* [Exercise description]:
Pull each line holding "exists" out of the entries below.

* [Data for this task]:
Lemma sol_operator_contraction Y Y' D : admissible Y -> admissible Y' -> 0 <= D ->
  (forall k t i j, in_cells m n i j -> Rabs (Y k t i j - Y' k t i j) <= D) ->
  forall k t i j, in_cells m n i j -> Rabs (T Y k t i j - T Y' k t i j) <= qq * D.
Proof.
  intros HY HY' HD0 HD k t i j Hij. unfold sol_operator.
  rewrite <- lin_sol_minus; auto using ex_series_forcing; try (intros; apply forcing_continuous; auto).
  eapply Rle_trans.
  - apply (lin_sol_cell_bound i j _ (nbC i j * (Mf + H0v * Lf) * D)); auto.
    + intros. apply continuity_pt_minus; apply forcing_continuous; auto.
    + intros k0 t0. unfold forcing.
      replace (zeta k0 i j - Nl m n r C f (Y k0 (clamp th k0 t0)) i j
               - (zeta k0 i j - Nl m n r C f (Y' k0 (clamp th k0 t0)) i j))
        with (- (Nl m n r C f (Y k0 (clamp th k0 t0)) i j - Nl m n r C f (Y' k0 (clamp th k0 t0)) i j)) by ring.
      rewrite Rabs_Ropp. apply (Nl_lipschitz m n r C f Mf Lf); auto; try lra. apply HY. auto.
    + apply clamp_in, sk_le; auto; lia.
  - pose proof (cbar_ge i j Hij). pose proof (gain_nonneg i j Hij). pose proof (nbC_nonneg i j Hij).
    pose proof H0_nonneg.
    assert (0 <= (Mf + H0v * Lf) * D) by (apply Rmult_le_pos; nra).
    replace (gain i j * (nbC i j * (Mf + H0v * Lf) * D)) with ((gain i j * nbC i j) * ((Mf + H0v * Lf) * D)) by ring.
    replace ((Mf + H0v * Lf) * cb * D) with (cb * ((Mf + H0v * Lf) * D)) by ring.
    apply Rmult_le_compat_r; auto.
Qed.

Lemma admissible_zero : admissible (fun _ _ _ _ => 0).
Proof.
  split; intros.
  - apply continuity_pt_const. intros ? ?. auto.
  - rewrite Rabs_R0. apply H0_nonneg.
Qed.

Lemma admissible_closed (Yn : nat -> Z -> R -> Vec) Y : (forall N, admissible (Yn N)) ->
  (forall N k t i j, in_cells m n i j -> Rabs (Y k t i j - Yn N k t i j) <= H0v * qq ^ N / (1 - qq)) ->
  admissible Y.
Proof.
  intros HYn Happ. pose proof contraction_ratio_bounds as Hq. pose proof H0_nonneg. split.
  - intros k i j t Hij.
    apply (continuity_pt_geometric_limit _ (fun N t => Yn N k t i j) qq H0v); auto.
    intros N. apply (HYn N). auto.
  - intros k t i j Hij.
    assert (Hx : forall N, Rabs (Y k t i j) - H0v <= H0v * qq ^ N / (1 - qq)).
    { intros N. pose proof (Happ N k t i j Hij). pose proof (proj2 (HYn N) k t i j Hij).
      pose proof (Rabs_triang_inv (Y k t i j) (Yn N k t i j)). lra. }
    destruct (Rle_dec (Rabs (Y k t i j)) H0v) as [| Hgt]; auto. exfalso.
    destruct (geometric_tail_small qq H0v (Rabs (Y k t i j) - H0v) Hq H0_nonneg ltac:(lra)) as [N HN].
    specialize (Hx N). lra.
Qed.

---

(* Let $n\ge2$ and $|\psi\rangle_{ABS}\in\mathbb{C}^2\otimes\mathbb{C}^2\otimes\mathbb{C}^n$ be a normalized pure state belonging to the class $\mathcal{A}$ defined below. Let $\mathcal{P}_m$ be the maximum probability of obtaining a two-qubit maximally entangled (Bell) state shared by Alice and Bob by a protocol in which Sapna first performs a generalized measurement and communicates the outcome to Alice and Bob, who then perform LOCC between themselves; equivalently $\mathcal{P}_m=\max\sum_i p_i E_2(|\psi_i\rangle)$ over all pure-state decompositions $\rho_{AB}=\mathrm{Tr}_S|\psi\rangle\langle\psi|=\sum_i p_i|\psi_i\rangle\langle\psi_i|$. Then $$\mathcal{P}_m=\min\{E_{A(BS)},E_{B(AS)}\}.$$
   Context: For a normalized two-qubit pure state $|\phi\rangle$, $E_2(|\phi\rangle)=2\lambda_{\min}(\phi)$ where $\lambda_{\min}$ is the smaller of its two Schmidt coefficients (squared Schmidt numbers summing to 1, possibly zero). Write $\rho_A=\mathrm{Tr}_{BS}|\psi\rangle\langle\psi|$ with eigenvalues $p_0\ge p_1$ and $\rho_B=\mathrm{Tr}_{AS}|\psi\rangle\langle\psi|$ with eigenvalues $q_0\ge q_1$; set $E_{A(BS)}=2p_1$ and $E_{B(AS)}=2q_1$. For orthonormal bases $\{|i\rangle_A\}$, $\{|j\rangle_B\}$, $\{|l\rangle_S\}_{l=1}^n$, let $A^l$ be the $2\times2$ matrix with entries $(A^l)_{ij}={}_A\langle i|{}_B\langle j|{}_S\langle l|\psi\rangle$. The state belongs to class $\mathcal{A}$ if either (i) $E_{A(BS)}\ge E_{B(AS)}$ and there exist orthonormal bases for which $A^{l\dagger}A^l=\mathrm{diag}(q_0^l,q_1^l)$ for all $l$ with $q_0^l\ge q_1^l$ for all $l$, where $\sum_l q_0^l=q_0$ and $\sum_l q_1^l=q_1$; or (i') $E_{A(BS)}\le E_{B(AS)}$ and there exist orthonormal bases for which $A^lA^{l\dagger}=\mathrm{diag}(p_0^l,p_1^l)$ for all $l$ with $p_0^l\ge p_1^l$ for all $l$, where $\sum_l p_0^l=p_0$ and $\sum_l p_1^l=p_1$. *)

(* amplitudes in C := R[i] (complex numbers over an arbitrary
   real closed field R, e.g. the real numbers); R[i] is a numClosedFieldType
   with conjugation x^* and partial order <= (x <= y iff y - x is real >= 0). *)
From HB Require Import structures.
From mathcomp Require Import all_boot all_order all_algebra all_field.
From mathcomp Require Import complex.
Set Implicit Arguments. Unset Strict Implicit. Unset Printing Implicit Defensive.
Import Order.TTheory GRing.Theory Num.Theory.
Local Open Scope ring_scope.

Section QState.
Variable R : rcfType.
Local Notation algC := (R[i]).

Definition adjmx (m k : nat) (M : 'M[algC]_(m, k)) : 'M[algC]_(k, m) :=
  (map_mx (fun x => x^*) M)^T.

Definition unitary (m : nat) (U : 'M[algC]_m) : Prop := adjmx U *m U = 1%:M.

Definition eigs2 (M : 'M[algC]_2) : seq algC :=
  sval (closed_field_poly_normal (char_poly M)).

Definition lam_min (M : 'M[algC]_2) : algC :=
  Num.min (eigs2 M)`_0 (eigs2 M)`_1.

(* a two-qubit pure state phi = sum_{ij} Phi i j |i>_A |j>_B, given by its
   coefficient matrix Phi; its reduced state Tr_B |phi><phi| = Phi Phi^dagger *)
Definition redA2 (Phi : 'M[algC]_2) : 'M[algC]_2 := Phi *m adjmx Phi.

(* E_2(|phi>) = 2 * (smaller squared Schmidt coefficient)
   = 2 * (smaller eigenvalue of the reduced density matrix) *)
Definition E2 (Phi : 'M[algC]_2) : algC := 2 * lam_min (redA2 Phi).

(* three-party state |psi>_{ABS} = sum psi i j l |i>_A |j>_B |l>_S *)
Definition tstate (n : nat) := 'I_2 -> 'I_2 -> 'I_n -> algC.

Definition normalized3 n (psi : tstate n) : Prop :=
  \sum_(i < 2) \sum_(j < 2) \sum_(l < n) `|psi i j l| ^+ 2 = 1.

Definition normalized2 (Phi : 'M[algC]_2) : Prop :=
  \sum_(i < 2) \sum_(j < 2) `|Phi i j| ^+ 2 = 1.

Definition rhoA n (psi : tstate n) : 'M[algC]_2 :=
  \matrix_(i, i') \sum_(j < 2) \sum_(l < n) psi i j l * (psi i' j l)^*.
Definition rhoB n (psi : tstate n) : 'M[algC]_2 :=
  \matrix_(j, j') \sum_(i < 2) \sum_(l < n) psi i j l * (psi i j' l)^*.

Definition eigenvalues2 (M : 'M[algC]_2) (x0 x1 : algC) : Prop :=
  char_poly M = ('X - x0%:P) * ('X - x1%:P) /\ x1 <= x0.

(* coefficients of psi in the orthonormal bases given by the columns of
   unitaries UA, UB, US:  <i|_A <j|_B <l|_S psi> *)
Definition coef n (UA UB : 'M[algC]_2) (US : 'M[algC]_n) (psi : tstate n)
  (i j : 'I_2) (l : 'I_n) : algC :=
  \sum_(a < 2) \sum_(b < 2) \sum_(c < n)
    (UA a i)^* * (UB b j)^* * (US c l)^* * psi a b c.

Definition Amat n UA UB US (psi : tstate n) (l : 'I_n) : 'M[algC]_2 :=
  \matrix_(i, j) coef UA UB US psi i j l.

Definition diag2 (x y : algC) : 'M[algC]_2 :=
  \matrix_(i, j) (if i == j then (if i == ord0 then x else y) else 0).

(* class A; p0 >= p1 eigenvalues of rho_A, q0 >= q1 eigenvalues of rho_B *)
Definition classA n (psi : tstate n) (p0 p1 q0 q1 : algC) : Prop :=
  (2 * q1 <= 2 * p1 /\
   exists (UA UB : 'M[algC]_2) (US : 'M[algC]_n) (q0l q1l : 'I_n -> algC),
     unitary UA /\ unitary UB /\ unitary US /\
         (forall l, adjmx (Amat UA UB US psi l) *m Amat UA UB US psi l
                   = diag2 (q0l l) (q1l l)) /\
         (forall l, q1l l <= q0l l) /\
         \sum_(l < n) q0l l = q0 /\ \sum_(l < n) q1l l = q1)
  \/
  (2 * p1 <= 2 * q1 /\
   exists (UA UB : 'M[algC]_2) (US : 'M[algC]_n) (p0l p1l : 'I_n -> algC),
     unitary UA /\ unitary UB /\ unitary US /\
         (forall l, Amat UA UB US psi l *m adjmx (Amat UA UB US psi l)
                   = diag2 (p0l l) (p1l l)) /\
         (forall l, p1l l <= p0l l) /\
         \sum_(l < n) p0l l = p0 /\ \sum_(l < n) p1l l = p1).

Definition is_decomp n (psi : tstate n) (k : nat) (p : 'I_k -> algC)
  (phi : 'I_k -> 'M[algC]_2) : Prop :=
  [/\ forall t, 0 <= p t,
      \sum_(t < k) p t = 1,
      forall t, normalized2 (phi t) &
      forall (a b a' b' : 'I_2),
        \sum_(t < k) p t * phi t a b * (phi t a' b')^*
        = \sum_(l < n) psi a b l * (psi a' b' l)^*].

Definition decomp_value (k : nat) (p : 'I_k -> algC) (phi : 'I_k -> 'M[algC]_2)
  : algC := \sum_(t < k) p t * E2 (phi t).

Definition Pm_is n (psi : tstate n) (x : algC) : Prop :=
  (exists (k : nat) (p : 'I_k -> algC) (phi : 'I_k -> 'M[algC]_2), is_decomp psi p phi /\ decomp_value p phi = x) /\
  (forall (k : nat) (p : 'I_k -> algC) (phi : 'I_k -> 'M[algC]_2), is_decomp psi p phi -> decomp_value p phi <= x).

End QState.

* [Exercise result]:
   exists (UA UB : 'M[algC]_2) (US : 'M[algC]_n) (q0l q1l : 'I_n -> algC),
   exists (UA UB : 'M[algC]_2) (US : 'M[algC]_n) (p0l p1l : 'I_n -> algC),
  (exists (k : nat) (p : 'I_k -> algC) (phi : 'I_k -> 'M[algC]_2), is_decomp psi p phi /\ decomp_value p phi = x) /\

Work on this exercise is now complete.